La sabiduría tiene un
componente topográfico: es el arte de que las cosas estén en su lugar, en el
sitio apropiado, es decir, que les es propio. Llamadlo como queráis:
equilibrio, estructura, orden… Pero la propia ciencia nos confirma que el
universo es un cosmos, en el sentido
griego: una complejidad organizada. El desafío es aprender a moverse según esa
disposición, saber captarla y acomodar a ella la vida.
Lo que digo podría
sonar a platónico, conservador, trascendentalista. Nada más lejos de mi
intención. No hay trascendencias regentes, no hay deus ex machina, el universo se expande en un vacío que lo precede
y probablemente lo suceda, si no se oculta ya en su espina dorsal. En cualquier
caso, las trascendencias no explicarían nada: el cosmos es suficientemente
desconcertante para que demos razón de él con nuevas perplejidades. Estamos
aquí, encajonados, arrojados —dijo Heidegger— en el ser, y no podemos saber
nada más allá de nuestros límites. Pero los límites ya son una ley, ya obedecen
a una estructura (dinámica, puesto que se caracteriza por el cambio, como
proclamaba Heráclito), que es a la vez andamio y desarrollo de lo que
entendemos como real.
De algún modo,
estamos sintonizados con este universo al que pertenecemos. Como dice Rilke,
“es nuestro mundo”, y estamos hechos para formar parte de él. Platón
vislumbraba una sinergia entre los objetos perecederos y las formas eternas;
tal vez se trate de concebirla entre los hechos y los objetos concretos, por un
lado, y las leyes eternas, por el otro. De ahí la osadía de la ciencia, que, a
través del fenómeno individual, aspira a generalizar postulados válidos para
todos los fenómenos.
Pero la sintonía que
concierne al sabio se queda aún más cerca: en lo que nos conecta con las
personas y las cosas concretas de nuestra vida, esas que experimentamos y que
forman los escenarios de nuestra existencia única, esa vida frágil, a menudo
dolorosa y siempre corta. Lo que nos interesa está aquí, al lado, y por eso la
presencia es lo más urgente, pero una presencia que resulte a la vez lo más
gozosa posible.
Parece haber personas
especialmente hábiles en ese arte de vivir. Yo no soy una de ellas, desde
luego. Si lo fuese, como argumenta Comte-Sponville, no me vería obligado a
pensar: me bastaría con vivir, y dichosos los que pueden hacerlo sin tener que
hacer otra cosa. Hesse habló de ello en una hermosa historia: Narciso, el
intelectual, el dogmático, el institucional; frente a Goldmundo, el vital, el
dotado de una sabiduría natural, que no necesita pensamiento ni palabras sino
desplegarse en la propia vida: este era su preferido. Cuanto más pura la vida,
cuando más pegada al suelo y embebida de sí misma, mucho mejor.
Para los que no
poseemos ese don y pasamos la vida buscando, he aquí una posible clave: ahondar
en la topografía correcta de las cosas, atenernos a lo oportuno, evitar lo que
está fuera de lugar. Sufriremos, sin duda, pero quizá no más allá de lo justo.

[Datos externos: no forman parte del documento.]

(* Let $J\subset I$, $u\in W$, $w\in W^J$ and $v\in W_J$. Write $uwv=w'v'$ with $w'\in W^J$ and $v'\in W_J$. If $l(uwv)=l(wv)-l(u)$, then $w'\le w$. If moreover $w'=w$, then $\{w^{-1}(\alpha_i): i\in\mathrm{supp}(u)\}\subset\{\alpha_j:j\in J\}$.
   Context: $W$ is the Weyl group of a semisimple group with simple roots $\alpha_i$, $i\in I$, simple reflections $s_i$, length $l$ and Bruhat order $\le$. For $J\subset I$, $W_J$ is the subgroup generated by $\{s_j:j\in J\}$ and $W^J$ the set of minimal length representatives of $W/W_J$. For $u\in W$, $\mathrm{supp}(u)\subset I$ is the set of $i$ such that $s_i$ occurs in some (equivalently any) reduced expression of $u$. *)

From HB Require Import structures.
From mathcomp Require Import all_boot all_order all_algebra.
From Stdlib Require Import ClassicalEpsilon.
Set Implicit Arguments. Unset Strict Implicit. Unset Printing Implicit Defensive.
Import Order.TTheory GRing.Theory Num.Theory.
Local Open Scope ring_scope.

(* Weyl group of a semisimple group, realized faithfully as the group of
   matrices (over rat, acting on column vectors written in the basis of
   simple roots) generated by the simple reflections s_i determined by the
   Cartan matrix A (convention: s_i(alpha_j) = alpha_j - A i j * alpha_i). *)

Section Weyl.
Variable n : nat.
Variable A : 'M[int]_n.

Definition cartan_matrix : Prop :=
  [/\ forall i, A i i = 2,
      forall i j, i != j -> A i j <= 0
    & forall i j, (A i j == 0) = (A j i == 0)].

(* Finite type (= Cartan matrix of a semisimple group / reduced root system):
   symmetrizable with positive definite symmetrization D A. *)
Definition finite_type : Prop :=
  cartan_matrix /\
  exists d : 'I_n -> rat,
    [/\ forall i, 0 < d i,
        forall i j, d i * (A i j)%:~R = d j * (A j i)%:~R
      & forall x : 'cV[rat]_n, x != 0 ->
          0 < \sum_i \sum_j x i 0 * d i * (A i j)%:~R * x j 0].

Definition alpha (i : 'I_n) : 'cV[rat]_n := delta_mx i 0.

Definition sref (i : 'I_n) : 'M[rat]_n :=
  \matrix_(k, j) ((k == j)%:R - (k == i)%:R * (A i j)%:~R).

Definition word_mx (s : seq 'I_n) : 'M[rat]_n :=
  foldr (fun i M => sref i *m M) 1%:M s.

Definition inW (M : 'M[rat]_n) : Prop := exists s, M = word_mx s.

Definition inWJ (J : {set 'I_n}) (M : 'M[rat]_n) : Prop :=
  exists s, all (fun i => i \in J) s /\ M = word_mx s.

Definition is_length (M : 'M[rat]_n) (k : nat) : Prop :=
  (exists s, size s = k /\ word_mx s = M) /\
  (forall s, word_mx s = M -> (k <= size s)%N).

Definition wlen (M : 'M[rat]_n) : nat :=
  epsilon (inhabits 0%N) (is_length M).

Definition is_reflection (t : 'M[rat]_n) : Prop :=
  exists x i, inW x /\ t = x *m sref i *m invmx x.

Inductive bruhat_le : 'M[rat]_n -> 'M[rat]_n -> Prop :=
| bruhat_refl x : bruhat_le x x
| bruhat_step x y t : bruhat_le x y -> is_reflection t ->
    (wlen y < wlen (y *m t))%N -> bruhat_le x (y *m t).

Definition minrep (J : {set 'I_n}) (w : 'M[rat]_n) : Prop :=
  inW w /\ forall v, inWJ J v -> (wlen w <= wlen (w *m v))%N.

Definition supp (u : 'M[rat]_n) : 'I_n -> Prop :=
  fun i => exists s, word_mx s = u /\ size s = wlen u /\ i \in s.

End Weyl.

From mathcomp Require Import all_boot all_order all_algebra.
From mathcomp Require Import ring lra zify.
From Stdlib Require Import Classical ClassicalEpsilon.
Set Implicit Arguments. Unset Strict Implicit. Unset Printing Implicit Defensive.
Import Order.TTheory GRing.Theory Num.Theory.
Local Open Scope ring_scope.

(** In the geometric representation, where [s_i x = x - <x, alpha_i^v> alpha_i],
    the sign of roots controls lengths: for [x] in a parabolic subgroup [W_K] and
    [i \in K], [x alpha_i] is a nonnegative combination of simple roots when
    [l_K(x s_i) >= l_K(x)] and a nonpositive one otherwise.  This is proved by
    induction on [l_K(x)], splitting off a factor in the rank-two subgroup generated
    by [s_i] and a descent [s_j] of [x]; in finite type the rank-two subgroups are
    of type A1xA1, A2, B2 or G2 and are checked by explicit computation.  Hence
    [W^J] consists of the [w] with [w alpha_j > 0] for [j \in J], and factorizations
    [w v] with [w \in W^J], [v \in W_J] are unique.

    Then apply the letters [s_i] of a reduced word of [u^-1] one by one to [w' v'];
    the length grows at each step.  Either [s_i a] is again in [W^J], and
    [a < s_i a = a (a^-1 s_i a)] is a Bruhat step, or [s_i a alpha_j < 0] for some
    [j \in J]; integrality of roots then forces [a alpha_j = alpha_i], so that
    [s_i a = a s_j] and the letter is absorbed into the [W_J] part.  The final
    [W^J] part is [w], whence [w' <= w]; if [w' = w] no Bruhat step occurred, so
    every letter [i] of [u] satisfies [alpha_i = w alpha_j] for some [j \in J]. *)

Lemma classic_ex_minn (P : nat -> Prop) :
  (exists k, P k) -> exists k, P k /\ forall k', P k' -> (k <= k')%N.
Proof.
move=> [k0 Pk0]; elim/ltn_ind: k0 Pk0 => k0 IH Pk0.
have [[k' [Pk' lt_k'k0]]|no_smaller] := classic (exists k', P k' /\ (k' < k0)%N).
  exact: IH Pk'.
exists k0; split => // k' Pk'; rewrite leqNgt; apply/negP => lt_k'k0.
by apply: no_smaller; exists k'.
Qed.

Section WeylGroup.
Variable n : nat.
Variable A : 'M[int]_n.
Hypothesis A_diag : forall i, A i i = 2.

Implicit Types (K I : {set 'I_n}) (s t : seq 'I_n).

Local Notation W := (word_mx A).
Local Notation wordin K s := (all (fun i => i \in K) s).

(** * Simple reflections, words and parabolic lengths *)

Definition coroot (i : 'I_n) (x : 'cV[rat]_n) : rat := (\row_k (A i k)%:~R *m x) 0 0.

Lemma corootD i (x y : 'cV[rat]_n) : coroot i (x + y) = coroot i x + coroot i y.
Proof. by rewrite /coroot mulmxDr mxE. Qed.

Lemma corootZ i c (x : 'cV[rat]_n) : coroot i (c *: x) = c * coroot i x.
Proof. by rewrite /coroot -scalemxAr mxE. Qed.

Lemma coroot0 i : coroot i 0 = 0.
Proof. by rewrite /coroot mulmx0 mxE. Qed.

Lemma coroot_alpha i j : coroot i (alpha j) = (A i j)%:~R.
Proof. by rewrite /coroot /alpha -colE !mxE. Qed.

Lemma sref_mul i (x : 'cV[rat]_n) : sref A i *m x = x - coroot i x *: alpha i.
Proof.
apply/matrixP => k l; rewrite ord1 !mxE /coroot !mxE.
under eq_bigr => j _ do rewrite !mxE mulrBl.
rewrite sumrB (bigD1 k) //= eqxx mul1r big1 ?addr0; last first.
  by move=> j /negbTE; rewrite eq_sym => ->; rewrite mul0r.
congr (_ - _); rewrite andbT mulr_suml; apply: eq_bigr => j _.
by rewrite !mxE mulrC mulrA mulrAC [x j 0 * _]mulrC.
Qed.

No se trata de conformismo, sino de consciencia. Para que la creatividad sea
fecunda, debe conocer bien los materiales con los que trabaja y lo que pueden
ofrecerle. El arte de vivir tal vez resida en eso: en acercarse lo bastante a la
piedra para, igual que Miguel Ángel, concebir la escultura que pide salir de
ella.
No se me escapa que
la idea de “estar las cosas en su sitio” es peligrosa. ¿Quién decide cuál es
“el sitio”? En las relaciones humanas, definir sitios es una función del poder.
El más poderoso —el más fuerte, el más rico, el más culto, el más astuto, el
más agresivo— acapara los lugares privilegiados. La cultura —generalmente
urdida para reafirmar las relaciones de poder establecidas—, echando mano de la
educación, nos alecciona acerca de cuál es nuestro “sitio”, y sobre todo nos
enseña a aceptarlo. Rebelarse es cuestionar esas estructuras establecidas, es
aspirar al trastocamiento de un orden que decidimos no permitir que se nos
imponga.
La noción de cuál es el sitio adecuado, el juicio de
cuándo las cosas están bien colocadas y cuándo están fuera de lugar, no tiene
una referencia natural: solo puede ir definiéndose a través del criterio propio y, entre las personas, mediante la negociación o el conflicto. En definitiva,
es un poso que va dejando la experiencia, con sus lecciones de placer y dolor.
La topografía acertada se esculpe con tacto. Cada cual con el suyo. Y nunca está
acabada, como tampoco lo está el mundo que intenta cartografiar, ni el propio
observador que bosqueja los mapas. El mapa se traza mientras se recorre el territorio:
se hace camino al andar. Topografía que fluye: buen viaje.